WHAT DOES SARSEN MEAN? In the Wiltshire
dialect the stones are known as sazzens or sassens, which is the same
pronunciation as in Hindu India where it is their name (via Sanskrit) for
their prehistoric stones. The origin of sassen may therefore
date from pre-Indo-European times, i.e. the Megalithic Era. In India
such megaliths are traditionally associated in belief and ritual with Mahadevi,
the Great (Maha) Goddess (Devi).
WHEN ? Avebury's first stones were
being assembled from about 2800 BCE, and all the stone circles, stone avenues
and earthworks went up during the ensuing 5 centuries.
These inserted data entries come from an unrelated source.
(* Let $d$ and $k$ be integers with $1\le k\le d-1$. There is a constant $C=C(d,k)$ such that for every $d$-dimensional lattice $\Lambda\subseteq\mathbb{R}^d$ with $\lambda_d(\Lambda,B^d)\le1$, writing $\lambda_i=\lambda_i(\Lambda,B^d)$, the set $\Lambda\cap B^d$ can be covered by at most $C(\lambda_k\cdots\lambda_d)^{-1}$ $k$-dimensional linear subspaces of $\mathbb{R}^d$.
   Context: $B^d$ is the closed unit Euclidean ball in $\mathbb{R}^d$ centered at the origin. A $d$-dimensional lattice is the set of all integer linear combinations of $d$ linearly independent vectors of $\mathbb{R}^d$. For a lattice $\Lambda$ and a compact convex body $K$ symmetric about the origin, the $i$th successive minimum is $\lambda_i(\Lambda,K)=\inf\{\lambda\in\mathbb{R}:\dim(\Lambda\cap(\lambda K))\ge i\}$. *)

From HB Require Import structures.
From mathcomp Require Import all_boot all_order all_algebra.
From mathcomp Require Import classical_sets reals.
Set Implicit Arguments. Unset Strict Implicit. Unset Printing Implicit Defensive.
Import Order.TTheory GRing.Theory Num.Theory.
Local Open Scope ring_scope.
Local Open Scope classical_set_scope.

Definition enorm (R : realType) (d : nat) (v : 'rV[R]_d) : R :=
  Num.sqrt (\sum_(j < d) v 0 j ^+ 2).

(* The lattice generated by the rows of an invertible matrix B:
   all integer combinations z *m B with z an integer row vector. *)
Definition lattice_basis (R : realType) (d : nat) (B : 'M[R]_d) : Prop :=
  B \in unitmx.

Definition in_lattice (R : realType) (d : nat) (B : 'M[R]_d) (v : 'rV[R]_d) : Prop :=
  exists z : 'rV[int]_d, v = map_mx (fun x : int => x%:~R) z *m B.

(* dim (Lambda ∩ lam B^d) >= i  :<=>  there are i linearly independent
   lattice vectors of Euclidean norm <= lam. *)
Definition dim_ge (R : realType) (d : nat) (B : 'M[R]_d) (lam : R) (i : nat) : Prop :=
  exists M : 'M[R]_(i, d), row_free M /\
    forall j : 'I_i, in_lattice B (row j M) /\ enorm (row j M) <= lam.

Definition succ_min (R : realType) (d : nat) (B : 'M[R]_d) (i : nat) : R :=
  inf [set lam : R | 0 <= lam /\ dim_ge B lam i].

(* A finite family S of k-dimensional linear subspaces (given as row spaces
   of square matrices of rank k) covers Lambda ∩ B^d. *)
Definition covers_ball (R : realType) (d k : nat) (B : 'M[R]_d) (S : seq 'M[R]_d) : Prop :=
  (forall U, U \in S -> \rank U = k) /\
  forall v : 'rV[R]_d, in_lattice B v -> enorm v <= 1 ->
    exists2 U, U \in S & (v <= U)%MS.
Lemma block_count_uq d y c : 0 < d -> d %| q ->
  \sum_(c * q ^ 2 <= n < c.+1 * q ^ 2) (d %| uq q n + y) =
  (q %/ d) ^ 2 * congr_pairs d y.
Proof.
move=> d_gt0 dvd_dq; set W := wq q (q * (q * c)).
have def_q : q = q %/ d * d by rewrite divnK.
have digit_term e r : e < q -> r < q ->
    (d %| uq q (c * (q * q) + e * q + r) + y) = (d %| r.+1 * (W + e) + y).
  move=> lt_eq lt_rq; rewrite /dvdn -modnDml.
  rewrite (_ : c * (q * q) + e * q + r = q * (q * c + e) + r); last by nia.
  by rewrite uq_digits_mod // modnDml.
have periodic_l t s : (d %| (s + d) * t + y) = (d %| s * t + y) :> nat.
  by rewrite mulnDl addnAC dvdn_addl // dvdn_mulr.
have periodic_r s t : (d %| s * (t + d) + y) = (d %| s * t + y) :> nat.
  by rewrite mulnDr addnAC dvdn_addl // dvdn_mull.
have sum_digit t : \sum_(0 <= r < q) (d %| r.+1 * t + y) =
    q %/ d * \sum_(0 <= s < d) (d %| s * t + y).
  transitivity (\sum_(1 <= s < 1 + q %/ d * d) (d %| s * t + y)).
    by rewrite -def_q sum_nat_shift.
  exact: sum_nat_periodic.
have sum_shifted s : \sum_(0 <= e < q) (d %| s * (W + e) + y) =
    q %/ d * \sum_(0 <= t < d) (d %| s * t + y).
  transitivity (\sum_(W <= t < W + q %/ d * d) (d %| s * t + y)).
    by rewrite -def_q sum_nat_shift.
  exact: sum_nat_periodic.
rewrite mulSnr -mulnn sum_nat_blocks.
under eq_big_nat => e /andP[_ lt_eq].
  under eq_big_nat => r /andP[_ lt_rq] do rewrite digit_term //.
  rewrite sum_digit.
  over.
rewrite -big_distrr exchange_big_nat /=.
under eq_bigr => s _ do rewrite sum_shifted.
by rewrite -big_distrr mulnA mulnn.
Qed.

End Valuation.

Local Open Scope ring_scope.

Lemma dvdz_natD_modz (d n : nat) (x : int) : d != 0%N ->
  (d%:Z %| n%:Z + x)%Z = (d %| n + `|(x %% d%:Z)%Z|)%N.
Proof.
move=> d_neq0; rewrite {1}(divz_eq x d%:Z) addrCA rpredDl ?dvdz_mull //.
by rewrite -[(x %% d)%Z]gez0_abs ?modz_ge0 // -PoszD dvdzE !absz_nat.
Qed.

Lemma absz_gcdz_modz (d : nat) (x : int) :
  `|gcdz x d%:Z|%N = gcdn `|(x %% d%:Z)%Z| d.
Proof. by rewrite -gcdz_modl /gcdz absz_nat. Qed.

Theorem theorem4p2 (R : realType) (d q : nat) (x : int) :
  (2 <= d)%N -> (2 <= q)%N -> (d %| q)%N ->
  has_natural_density (fun n : nat => (d%:Z %| (uq q n)%:Z + x)%Z)
    ((d ^ 2)%:R^-1 *
       \sum_(f <- divisors `|gcdz x d%:Z|%N) ((f * totient (d %/ f))%N%:R : R)).
Proof.
move=> d_ge2 q_gt1 dvd_dq; have d_gt0 : (0 < d)%N by exact: ltnW.
set y := `|(x %% d%:Z)%Z|%N.
have -> : (fun n => (d%:Z %| (uq q n)%:Z + x)%Z) = (fun n => d %| uq q n + y)%N.
  by apply: funext => n; rewrite dvdz_natD_modz // -lt0n.
rewrite absz_gcdz_modz -natr_sum -congr_pairsE //.
have [k def_q] := dvdnP dvd_dq.
have k_gt0 : (0 < k)%N by move: (ltnW q_gt1); rewrite def_q muln_gt0 => /andP[].
rewrite (_ : _ * _ = ((q %/ d) ^ 2 * congr_pairs d y)%:R / (q ^ 2)%:R); last first.
  rewrite def_q mulnK // !natrX !natrM exprMn; field.
  by rewrite !pnatr_eq0 -!lt0n d_gt0 k_gt0.
apply: has_natural_density_blocks; first by rewrite expn_gt0 ltnW.
by move=> c; apply: block_count_uq.
Qed.
(* Finding the minimum of a sequence of $n$ distinct elements has deterministic fragile complexity $\Theta(\log(\mathrm{Runs}))$. That is: there is a deterministic comparison-based algorithm that finds the minimum such that every element participates in $O(\log(\mathrm{Runs}))$ comparisons, where $\mathrm{Runs}$ is the number of runs of the input; and for every value $r$ there are inputs with $\mathrm{Runs}=r$ on which any deterministic comparison-based algorithm forces some element to participate in $\Omega(\log r)$ comparisons.
   Context: A run of a sequence is a maximal contiguous ascending subsequence; $\mathrm{Runs}$ is the number of runs in the input sequence. The fragile complexity of a comparison-based algorithm is the maximum, over input elements, of the number of comparisons in which the element participates; the fragile complexity of a problem is the best possible fragile complexity of any algorithm solving it. Logarithms of a parameter $r$ are understood as $\log\max(r,2)$ so that bounds are at least constant. *)

From mathcomp Require Import all_boot.
Set Implicit Arguments. Unset Strict Implicit. Unset Printing Implicit Defensive.

(* A deterministic comparison-based algorithm on inputs of size n is a
   comparison (decision) tree: an internal node [Cmp i j tl tg] compares the
   input elements at positions i and j and continues in [tl] if x_i < x_j,
   in [tg] otherwise; a leaf [Leaf k] outputs position k. *)
Inductive dtree (n : nat) : Type :=
| Leaf of 'I_n
| Cmp of 'I_n & 'I_n & dtree n & dtree n.

Fixpoint output n (t : dtree n) (x : 'I_n -> nat) : 'I_n :=
  match t with
  | Leaf k => k
  | Cmp i j tl tg => if x i < x j then output tl x else output tg x
  end.

Fixpoint ncmp n (t : dtree n) (x : 'I_n -> nat) (k : 'I_n) : nat :=
  match t with
  | Leaf _ => 0
  | Cmp i j tl tg =>
      ((k == i) || (k == j)) +
      (if x i < x j then ncmp tl x k else ncmp tg x k)
  end.

Definition fragile n (t : dtree n) (x : 'I_n -> nat) : nat :=
  \max_(k < n) ncmp t x k.

Definition finds_min n (t : dtree n) : Prop :=
  forall x : 'I_n -> nat, injective x ->
    forall j : 'I_n, x (output t x) <= x j.

(* Number of runs (maximal contiguous ascending subsequences), counted by
   their starting positions: i starts a run iff i = 0 or x_(i-1) > x_i. *)
Definition runs n (x : 'I_n -> nat) : nat :=
  #|[set i : 'I_n | (i == 0 :> nat) ||
      [exists j : 'I_n, (j.+1 == i :> nat) && (x i < x j)]]|.

(* log r understood as log max(r,2), base 2 (floor). *)
Definition lg (r : nat) : nat := trunc_log 2 (maxn r 2).

From mathcomp Require Import all_boot zify.
Set Implicit Arguments. Unset Strict Implicit. Unset Printing Implicit Defensive.

(* Comparing every adjacent pair (x_i, x_(i+1)) finds the
   starting positions of all runs, and costs each element at most two
   comparisons.  The minimum of an injective input starts a run, so a
   balanced knock-out tournament among the Runs run starts finds it, each
   player taking part in at most one match per round, i.e. in about
   log Runs comparisons.  Algorithms are assembled in continuation-passing
   style ([computes]), which makes their cost additive.

   An adversary keeps a weight on every element still alive
   (not yet known to exceed another element), with total weight r and
   weight(a) <= 2 ^ (comparisons of a).  When two alive elements meet, the
   lighter one is declared larger, dies, and hands its weight to the
   winner.  At the end a single element may be the minimum, so it carries
   weight r and took part in at least log r comparisons.  Starting with
   the odd positions of a sequence of length 2r already dead, every input
   consistent with the answers has exactly r runs. *)

Definition run_start n (x : 'I_n -> nat) (i : 'I_n) : bool :=
  (i == 0 :> nat) || [exists j : 'I_n, (j.+1 == i :> nat) && (x i < x j)].

Lemma runsE n (x : 'I_n -> nat) : runs x = #|[set i | run_start x i]|.
Proof. by []. Qed.

Lemma min_run_start n (x : 'I_n -> nat) (m : 'I_n) :
  injective x -> (forall j, x m <= x j) -> run_start x m.
Proof.
move=> xinj xmin; apply/orP; case: (posnP m) => [-> | m0]; [by left | right].
have plt : m.-1 < n by apply: leq_ltn_trans (leq_pred m) (ltn_ord m).
apply/existsP; exists (Ordinal plt); rewrite /= prednK // eqxx /=.
rewrite ltn_neqAle xmin andbT; apply/eqP => /xinj /(congr1 val) /=; lia.
Qed.

Section UpperBound.
Variable n : nat.
Local Notation N := n.+1.
Local Notation tree := (dtree N).

(* [P] consumes a continuation [K]; on input x it behaves as [K r] after having
   charged [c k] comparisons to each element k. *)
Definition computes A (P : (A -> tree) -> tree) (x : 'I_N -> nat) (r : A)
    (c : 'I_N -> nat) : Prop :=
  forall K, output (P K) x = output (K r) x /\
            forall k, ncmp (P K) x k = c k + ncmp (K r) x k.

Definition versus (P1 P2 : ('I_N -> tree) -> tree) (K : 'I_N -> tree) : tree :=
  P1 (fun a => P2 (fun b => Cmp a b (K a) (K b))).

Lemma computes_versus x P1 P2 r1 r2 c1 c2 :
  computes P1 x r1 c1 -> computes P2 x r2 c2 ->
  computes (versus P1 P2) x (if x r1 < x r2 then r1 else r2)
    (fun k => c1 k + c2 k + ((k == r1) || (k == r2))).
Proof.
move=> P1r P2r K; rewrite /versus.
have [out1 cost1] := P1r (fun a => P2 (fun b => Cmp a b (K a) (K b))).
have [out2 cost2] := P2r (fun b => Cmp r1 b (K r1) (K b)).
split; first by rewrite out1 out2 /=; case: ifP.
by move=> k; rewrite cost1 cost2 /=; case: ifP => _; lia.
Qed.

Lemma versus_cost (L1 L2 : seq 'I_N) r1 r2 (c1 c2 : 'I_N -> nat) d k :
  uniq (L1 ++ L2) -> r1 \in L1 -> r2 \in L2 ->
  c1 k <= d * (k \in L1) -> c2 k <= d * (k \in L2) ->
  c1 k + c2 k + ((k == r1) || (k == r2)) <= d.+1 * (k \in L1 ++ L2).
Proof.
rewrite cat_uniq mem_cat => /and3P [_ disj _] r1L1 r2L2.
case k1: (k \in L1); case k2: (k \in L2) => /=.
- by case/hasP: disj; exists k.
- have /negbTE -> : k != r2 by apply: contraFneq k2 => ->.
  rewrite orbF; case: (k == r1) => /=; lia.
- have /negbTE -> : k != r1 by apply: contraFneq k1 => ->.
  case: (k == r2) => /=; lia.
- have /negbTE -> : k != r1 by apply: contraFneq k1 => ->.
  have /negbTE -> : k != r2 by apply: contraFneq k2 => ->.
  lia.
Qed.

Fixpoint tourn (d : nat) (L : seq 'I_N) : ('I_N -> tree) -> tree :=
  match d with
  | 0 => fun K => K (head ord0 L)
  | d'.+1 => if size L <= 2 ^ d' then tourn d' L
             else versus (tourn d' (take (2 ^ d') L)) (tourn d' (drop (2 ^ d') L))
  end.

Lemma tourn_spec x d (L : seq 'I_N) : 0 < size L -> size L <= 2 ^ d -> uniq L ->
  exists r c, [/\ r \in L, {in L, forall y, x r <= x y},
    forall k, c k <= d * (k \in L) & computes (tourn d L) x r c].
Proof.
elim: d L => [|d IH] L.
  case: L => [|a [|b L]] //= _ _ _; exists a, (fun _ => 0).
  by split; rewrite ?inE // => y; rewrite inE => /eqP ->.
move=> L0 Ld uL /=; case: ifP => [Ld' | /negbT Lbig].
  have [r [c [rL rmin cd sp]]] := IH L L0 Ld' uL.
  by exists r, c; split=> // k; apply: leq_trans (cd k) _; rewrite leq_mul2r leqnSn orbT.
rewrite -ltnNge in Lbig.
have eL : L = take (2 ^ d) L ++ drop (2 ^ d) L by rewrite cat_take_drop.
have take0 : 0 < size (take (2 ^ d) L) by rewrite size_take Lbig expn_gt0.
have takeD : size (take (2 ^ d) L) <= 2 ^ d by rewrite size_take Lbig.
have drop0 : 0 < size (drop (2 ^ d) L) by rewrite size_drop subn_gt0.
have dropD : size (drop (2 ^ d) L) <= 2 ^ d.
  by rewrite size_drop leq_subLR addnn -mul2n -expnS.
have [r1 [c1 [r1L min1 cd1 sp1]]] := IH _ take0 takeD (take_uniq _ uL).
have [r2 [c2 [r2L min2 cd2 sp2]]] := IH _ drop0 dropD (drop_uniq _ uL).
eexists _, _; split; last exact: computes_versus sp1 sp2.
- by rewrite eL mem_cat; case: ifP => _; rewrite ?r1L ?r2L ?orbT.
- move=> y; rewrite eL mem_cat => /orP [] yL; case: ifP => lt.
  + exact: min1.
  + by have := min1 _ yL; lia.
  + by have := min2 _ yL; lia.
  + exact: min2.
- by move=> k; rewrite {1}eL; apply: versus_cost; rewrite -?eL.
Qed.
HOW ? The stones were dragged from
the combes in the hills above Avebury using a combination of man-power, oxen
and gravity.
WHAT WAS THE MASTER BUILDING PLAN?
Inside the great circle two stone circles were created which seem to have
been temples. They both had additional stones positioned as central
settings. The North Circle is centred by a Cove whose axis is aligned
on the midsummer sunrise. The South Circle was centred by a high phallic
stone -- The Obelisk -- one of whose functions was, it is argued, to identify
by shadow-casting the chief festival dates of the Neolithic agricultural
calendar. The Obelisk was destroyed soon after 1725; a short concrete
replacement today marks the spot.
WHO WERE THESE PEOPLE? They
were the Ancient Britons who, like the Stonehenge people, were part of an
early flowering of a truly British culture. Begun in the agricultural
Neolithic Age, Avebury was completed in the Early Bronze Age by a community
(the so-called Beaker Folk) noted for setting drinking vessels (beakers)
in the graves with their dead.
Plan of Avebury (marked green) and its two avenues (marked yellow)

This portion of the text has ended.